General Strategy: Debugging Application Deployment on DC/OS
Now that we have defined a set of tools for debugging applications on DC/OS, let us consider a step-by-step general troubleshooting strategy for actually implementing pir available tools in an application debugging scenario. Once we have gone over this general strategy, we will consider a few concrete scenarios of how to apply this strategy in the practice section.
Beyond considering any information special to your scenario, a reasonable approach to debugging an application deployment issue is to apply our debugging tools in the following order:
- 1: Check GUIs
- 2: Check Task Logs
- 3: Check Scheduler Logs
- 4: Check Agent Logs
- 5: Test Task Interactively
- 6: Check Master Logs
- 7: Ask Community
Step 1: Check the GUIs
Step 2: Check the Task Logs
If the GUIs cannot provide sufficient information, next check the task logs using the DC/OS GUI or the CLI. This provides a better understanding of what might have happened to the application. If the issue is related to our app not deploying (for example, the task status continues to wait indefinitely), try looking at the ‘Debug’ page.
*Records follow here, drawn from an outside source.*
(* Let $x\in\{0,1\}^\infty$ have randomness rate $\tau>0$, let $0<\sigma<\tau$, let $0<\sigma'<\tau-\sigma$, and let $b=\lceil (1-\sigma)/\sigma'\rceil$. Let $a$ be a sufficiently large positive integer, and define $t_0=0$, $t_1=a$, and $t_i=b(t_1+\cdots+t_{i-1})$ for $i\ge2$. Put $x_i=x(t_{i-1}+1:t_i)$, $n_i=|x_i|=t_i-t_{i-1}$, and $\bar{x}_i=x_1x_2\cdots x_i=x(1:t_i)$ for $i\ge1$. Then: (1) $K(x_i\mid\bar{x}_{i-1})>\sigma n_i$ for all $i\ge2$; (2) $\log|x_i|=\Theta(i)$ and $\log|\bar{x}_i|=\Theta(i)$ as $i\to\infty$.
   Context: $x(n_1:n_2)$ denotes bits $n_1$ through $n_2$ of $x$ (indexed from 1); juxtaposition is concatenation. $K(u)$ and $K(u\mid v)$ denote plain and conditional plain Kolmogorov complexity with respect to fixed universal machines. A sequence $x$ has randomness rate $\tau$ if $K(x(1:n))\ge\tau n$ for all but finitely many $n$. ''Sufficiently large'' means: there is $a_0$ (depending on $x,\tau,\sigma,\sigma'$) such that the conclusion holds for every $a\ge a_0$. *)

From Stdlib Require Import Reals Lra Lia List.
Import ListNotations.
Open Scope R_scope.
Lemma unif_cvg_relu_shift : exists c (s : I -> R),
  unif_cvg U D (fun n x => relu (F n x + b n) - s n) (fun x => relu (g x + c)).
Proof.
have [[c bc]|[/cvgryPge bp|/cvgrNyPle bn]] := ultra_real_cvg b.
- exists c, (fun=> 0) => e e0.
  apply: filterS (unif_cvgD Fg (unif_cvg_cst _ bc) e0) => n Fbe x Dx.
  by rewrite subr0; apply: le_trans (relu_lipschitz _ _) (Fbe x Dx).
- exists (K + 1), (fun n => b n - (K + 1)) => e e0; near=> n.
  have Fe : forall x, D x -> `|F n x - g x| <= e by near: n; exact: Fg.
  have F1 : forall x, D x -> `|F n x - g x| <= 1 by near: n; exact: Fg.
  have bK : K + 2 <= b n by near: n; exact: bp.
  move=> x Dx; have /andP[gl gu] : - K <= g x <= K by rewrite -ler_norml; exact: gK.
  have /andP[F1l F1u] : - 1 <= F n x - g x <= 1 by rewrite -ler_norml; exact: F1.
  rewrite !ger0_relu; [|lra|lra].
  have -> : F n x + b n - (b n - (K + 1)) - (g x + (K + 1)) = F n x - g x by ring.
  exact: Fe.
- exists (- (K + 1)), (fun=> 0) => e e0; near=> n.
  have F1 : forall x, D x -> `|F n x - g x| <= 1 by near: n; exact: Fg.
  have bK : b n <= - (K + 2) by near: n; exact: bn.
  move=> x Dx; have /andP[gl gu] : - K <= g x <= K by rewrite -ler_norml; exact: gK.
  have /andP[F1l F1u] : - 1 <= F n x - g x <= 1 by rewrite -ler_norml; exact: F1.
  by rewrite !ler0_relu; [rewrite !subrr normr0 ltW|lra|lra].
Unshelve. all: by end_near. Qed.

Lemma unif_cvg_shift_or_unbounded :
  (exists c, unif_cvg U D (fun n x => F n x + b n) (fun x => g x + c)) \/
  (forall M, \forall n \near U, forall x, D x -> M <= `|F n x + b n|).
Proof.
have [[c bc]|bpm] := ultra_real_cvg b.
  by left; exists c; exact: unif_cvgD Fg (unif_cvg_cst _ bc).
right => M; near=> n.
have F1 : forall x, D x -> `|F n x - g x| <= 1 by near: n; exact: Fg.
have bM : M + K + 1 <= `|b n|.
  near: n; case: bpm => [/cvgryPge bp|/cvgrNyPle bn].
    by apply: filterS (bp (M + K + 1)) => n /le_trans; apply; exact: ler_norm.
  apply: filterS (bn (- (M + K + 1))) => n bnM.
  by rewrite -normrN; apply: le_trans (ler_norm _); rewrite lerNr.
move=> x Dx; have /andP[gl gu] : - K <= g x <= K by rewrite -ler_norml; exact: gK.
have /andP[F1l F1u] : - 1 <= F n x - g x <= 1 by rewrite -ler_norml; exact: F1.
have FK : `|F n x| <= K + 1 by rewrite ler_norml; apply/andP; split; lra.
have := lerB_dist (b n) (- F n x); rewrite opprK normrN [F n x + _]addrC; lra.
Unshelve. all: by end_near. Qed.

End ShiftedLimits.

Lemma measurable_borelRV_continuous (R : realType) n (g : 'rV[R]_n -> R) :
  continuous g -> measurable_fun [set: borelRV R n] g.
Proof.
move=> cg; apply: (measurability _ (RGenOpens.measurableE R)) => _ [_ [a [b ->] <-]].
apply: sub_sigma_algebra; rewrite setTI.
by apply: (proj1 (continuousP _) cg); exact: interval_open.
Qed.

Section Layers.
Variables (R : realType) (d : nat) (Ns : seq nat).
Local Notation W := (width d Ns).
Local Notation L := (size Ns).
Implicit Types (Phi Psi : network R) (x : 'rV[R]_d).

Definition act Phi x l j : R :=
  if insub j is Some k then @hidden R d Ns Phi x l k else 0.

Definition layer_sum Phi x l i : R := \sum_(j < W l) wA Phi l.+1 i j * act Phi x l j.

Lemma act_ord Phi x l (k : 'I_(W l)) : act Phi x l k = @hidden R d Ns Phi x l k.
Proof. by rewrite /act valK. Qed.

Lemma act_out Phi x l j : (W l <= j)%N -> act Phi x l j = 0.
Proof. by move=> lj; rewrite /act insubF // ltnNge lj. Qed.
Lemma asubst_eq_on_vars a s1 s2 :
  asubst s1 a = asubst s2 a -> forall x, In x (avars a) -> s1 x = s2 x.
Proof. intros H. apply (tsubst_eq_on_vars (aterm a)). rewrite <- !aterm_asubst, H. reflexivity. Qed.

Lemma asubst_comp a s1 s2 :
  asubst s1 (asubst s2 a) = asubst (fun x => tsubst s1 (s2 x)) a.
Proof. apply aterm_inj. rewrite !aterm_asubst. apply tsubst_comp. Qed.

Lemma asubst_id a : asubst (@Var Sig) a = a.
Proof. apply aterm_inj. rewrite aterm_asubst. apply tsubst_id. Qed.

Lemma in_avars_asubst a s x :
  In x (avars (asubst s a)) <-> exists z, In z (avars a) /\ In x (tvars (s z)).
Proof. exact (in_tvars_tsubst (aterm a) s x). Qed.

Lemma lsubst_ext l s1 s2 :
  (forall x, In x (lvars l) -> s1 x = s2 x) -> lsubst s1 l = lsubst s2 l.
Proof. destruct l; simpl; intros; f_equal; apply asubst_ext; auto. Qed.

Lemma lsubst_comp l s1 s2 :
  lsubst s1 (lsubst s2 l) = lsubst (fun x => tsubst s1 (s2 x)) l.
Proof. destruct l; simpl; f_equal; apply asubst_comp. Qed.

Lemma lsubst_id l : lsubst (@Var Sig) l = l.
Proof. destruct l; simpl; f_equal; apply asubst_id. Qed.

Lemma in_lvars_lsubst l s x :
  In x (lvars (lsubst s l)) <-> exists z, In z (lvars l) /\ In x (tvars (s z)).
Proof. destruct l; apply in_avars_asubst. Qed.

Lemma qsubst_ext q s1 s2 :
  (forall x, In x (qvars q) -> s1 x = s2 x) -> qsubst s1 q = qsubst s2 q.
Proof.
  intros H. apply map_ext_in. intros l Hl. apply lsubst_ext.
  intros x Hx; apply H, in_flat_map; eauto.
Qed.

Lemma qsubst_comp q s1 s2 :
  qsubst s1 (qsubst s2 q) = qsubst (fun x => tsubst s1 (s2 x)) q.
Proof. unfold qsubst. rewrite map_map. apply map_ext. intros; apply lsubst_comp. Qed.

Lemma qsubst_id q : qsubst (@Var Sig) q = q.
Proof. unfold qsubst. rewrite <- (map_id q) at 2. apply map_ext. apply lsubst_id. Qed.

Lemma qsubst_app q1 q2 s : qsubst s (q1 ++ q2) = qsubst s q1 ++ qsubst s q2.
Proof. apply map_app. Qed.

Lemma in_qvars_app q1 q2 x : In x (qvars (q1 ++ q2)) <-> In x (qvars q1) \/ In x (qvars q2).
Proof. unfold qvars. rewrite flat_map_app. apply in_app_iff. Qed.

Lemma in_qvars_cons l q x : In x (qvars (l :: q)) <-> In x (lvars l) \/ In x (qvars q).
Proof. apply in_app_iff. Qed.
Lemma jordan_defective : ~~ is_diag_mx A -> defective A.
Proof.
move=> /is_diag_mxP not_diag.
pose P (i : 'I_n) := [exists j : 'I_n, (i != j :> nat) && (A i j != 0)].
have [i0 Pi0] : exists i, P i.
  case: (pickP P) => [i0 Pi0 | noP]; first by exists i0.
  exfalso; apply: not_diag => i j ne; apply/eqP; move/negbT/existsPn/(_ j): (noP i).
  by rewrite ne negbK.
(* The last row k with an off-diagonal entry has its 1 at (k, k+1), so that
   e_k (A - A_kk) = e_(k+1), while e_(k+1) (A - A_kk) = 0 since row k+1 is
   diagonal. *)
case: (arg_maxnP (fun i : 'I_n => nat_of_ord i) Pi0) => k.
move=> /existsP[j /andP[ne_kj Akj]] k_max.
have [jk [Akj1 Akk]] := jordan_offdiag_neq0 ne_kj Akj.
have ej_null : delta_mx (0 : 'I_1) j *m (A - (A k k)%:M) = 0.
  apply/rowP => t; rewrite -rowE !mxE; have [<- | ne_jt] := eqVneq j t.
    by rewrite Akk mulr1n subrr.
  rewrite mulr0n subr0; apply/eqP; apply: contraT => Ajt.
  have Pj : P j by apply/existsP; exists t; rewrite Ajt andbT.
  by move: (k_max j Pj); rewrite /= jk; lia.
have ek_step : delta_mx (0 : 'I_1) k *m (A - (A k k)%:M) = delta_mx (0 : 'I_1) j.
  apply/rowP => t; rewrite -rowE !mxE eqxx /=; have [<- | ne_kt] := eqVneq k t.
    by rewrite subrr (negbTE (ne_kj : k != j :> 'I_n)).
  rewrite /= mulr0n subr0; have [<- | ne_jt] := eqVneq j t; first by rewrite Akj1.
  apply/eqP; apply: contraT => Akt.
  have [tk _] := jordan_offdiag_neq0 (ne_kt : k != t :> nat) Akt.
  by case/eqP: ne_jt; apply: val_inj; rewrite /= tk jk.
exists (delta_mx 0 k), (A k k); rewrite ek_step ej_null.
by split => //; apply: delta_mx_neq0.
Qed.

End JordanDefective.

Lemma upper_trig_row_last (R : nzRingType) n (A : 'M[R]_n.+1) :
  is_upper_trig A -> row ord_max A = A ord_max ord_max *: delta_mx 0 ord_max.
Proof.
move=> uA; apply/rowP => j; rewrite !mxE eqxx /=.
have [-> | ne] := eqVneq j ord_max; first by rewrite mulr1.
by rewrite uA ?mulr0 // ltn_neqAle leq_ord andbT; move: ne; rewrite -val_eqE.
Qed.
It could be helpful in understanding the resources being offered by Mesos.
Step 3: Check the Scheduler Logs
Next, when there is a deployment problem and the task logs do not provide enough information to fix the issue, it can be helpful to double-check the app definition. Then, after confirming the app definition, check the Marathon log or GUI to understand how it was scheduled or why not.
Step 4: Check the Agent Logs
The Mesos Agent logs provide information regarding how the task and that task’s environment are being started. Recall that increasing the log level can be helpful in some cases to obtain more information with which to work.
Step 5: Test the Task Interactively
The next step is to interactively look at the task running inside the container. If the task is still running,
dcos task exec or
docker exec can be helpful to start an interactive debugging session. If the application is based on a Docker container image, manually starting it using
docker run followed by
docker exec can also get you started in the right direction.
Step 6: Check the Master Logs
If you want to understand why a particular scheduler has received certain resources or a particular status, then the master logs can be very helpful. Recall that the master is forwarding all status updates between the agents and scheduler, so it might even be helpful in cases where the agent node might not be reachable (for example, network partition or node failure).